Ultimately, however, How to Survive a Plague is an epic, not a tragedy. Here’s how Sullivan concludes his review:

What lingers in France’s book is the toll that memory took and still takes. These young men both witnessed their friends and lovers dying excruciating deaths, knew that they were next and yet carried on…. This is the first and best history of this courage, and a reminder that if gay life and culture flourish for a thousand years, people will still say, “This was their finest hour.”


France's detailed account of the ACT UP era concludes in 1996, at the community meeting in New York where doctors and scientists described patients’ astonishing response to the new combination therapy. That same week I attended the Chicago version of this meeting.

This is France’s description:

             When the room emptied out, I found myself standing in the sun-creased lobby watching the men in the audience exchanging hugs and tears. I noticed how incongruously young everyone looked. Most were, like me, not yet middle aged. I was thirty-five years old. I’d lived my entire adult life in the eye of unrelenting death. We all had. The feeling of relief overwhelmed me….  It was not over. It would never be over. But it was over.
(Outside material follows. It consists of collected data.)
(* Potential edges of a graph on {1..n} (here 'I_n): unordered pairs {i,j},
   represented by ordered pairs (i,j) with i < j. *)
Definition pairT (n : nat) := {x : 'I_n * 'I_n | (x.1 < x.2)%N}.

Definition graph (n : nat) := {set pairT n}.

Definition adj (n : nat) (E : graph n) (i j : 'I_n) : bool :=
  [exists e in E, (val e == (i, j)) || (val e == (j, i))].

Definition gnp_weight (R : realType) (n : nat) (p : R) (E : graph n) : R :=
  p ^+ #|E| * (1 - p) ^+ (#|[set: pairT n]| - #|E|).

Definition gnp_prob (R : realType) (n : nat) (p : R) (A : graph n -> bool) : R :=
  \sum_(E : graph n | A E) gnp_weight p E.

Definition dotv (R : realType) (d : nat) (a b : 'rV[R]_d) : R :=
  \sum_(k < d) a 0 k * b 0 k.

Definition cfun (R : realType) (d : nat) (a : 'rV[R]_d.+1) : R :=
  if a == 0 then 0 else (a 0 ord0) ^+ 2 / dotv a a.

(* Values sum_i c(v_i) over orthogonal representations v in R^d (d >= 1). *)
Definition theta_vals (R : realType) (n : nat) (E : graph n) : set R :=
  [set s | exists (d : nat) (v : 'I_n -> 'rV[R]_d.+1),
      (forall i j : 'I_n, adj E i j -> dotv (v i) (v j) = 0) /\
      s = \sum_(i < n) cfun (v i)].

Definition theta (R : realType) (n : nat) (E : graph n) : R := sup (@theta_vals R n E).

(* Expose G(n,p) vertex by vertex: it becomes a product measure whose i-th
   coordinate is the set of edges from vertex i to smaller vertices.  For a
   product of sub-probability weights, Talagrand's convex-distance inequality
   P(A) E[exp(d_T(A,.)^2 / 4)] <= 1 holds by induction on the number of
   coordinates.  Take A = {theta <= m}, of probability >= 1/2.  If
   theta(x) >= m + xi and v is a near-optimal representation for x with
   weights c_i = c(v_i), then deleting the vectors at the vertices where y
   differs from x gives a representation for y, so every y in A has
   sum_{y_i <> x_i} c_i >= 0.9 xi.  Since sum c_i^2 <= sum c_i <= theta0,
   this forces d_T(A,x)^2 >= (0.9 xi)^2 / theta0, and 0.81/4 >= 1/5. *)

From HB Require Import structures.
From mathcomp Require Import all_boot all_order all_algebra.
From mathcomp Require Import all_classical all_reals.
From mathcomp Require Import all_analysis.
From mathcomp Require Import ring lra.
Import Order.TTheory GRing.Theory Num.Theory.
Local Open Scope ring_scope.
Set Implicit Arguments. Unset Strict Implicit. Unset Printing Implicit Defensive.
I was thirty-one years old.


In an epilogue to How to Survive a Plague, France returns to Spencer Cox’s 2013 memorial service. He reveals what subsequently happened to the band of brothers at the center of the book’s narrative – my near-contemporaries and fellow survivors from the trenches. Some moved on to new types of activism. Others retired to the country. Many descended into substance abuse and depression. Some of us had kids. One guy my age got busted for falsely claiming to be HIV-positive all along – he just wanted to be part of something important.

Spencer Cox himself choose to go off his meds and die. According to France, in his final months Cox “spoke out forcefully about the depression and PTSD that the surviving generation of gay men from the plague years often suffered from, regardless of HIV status. While many of us, through luck or circumstances, have landed on our feet, all of us, in some way, have unprocessed grief, or guilt, or an overwhelming sense of abandonment.”

That’s what happens when you survive a plague.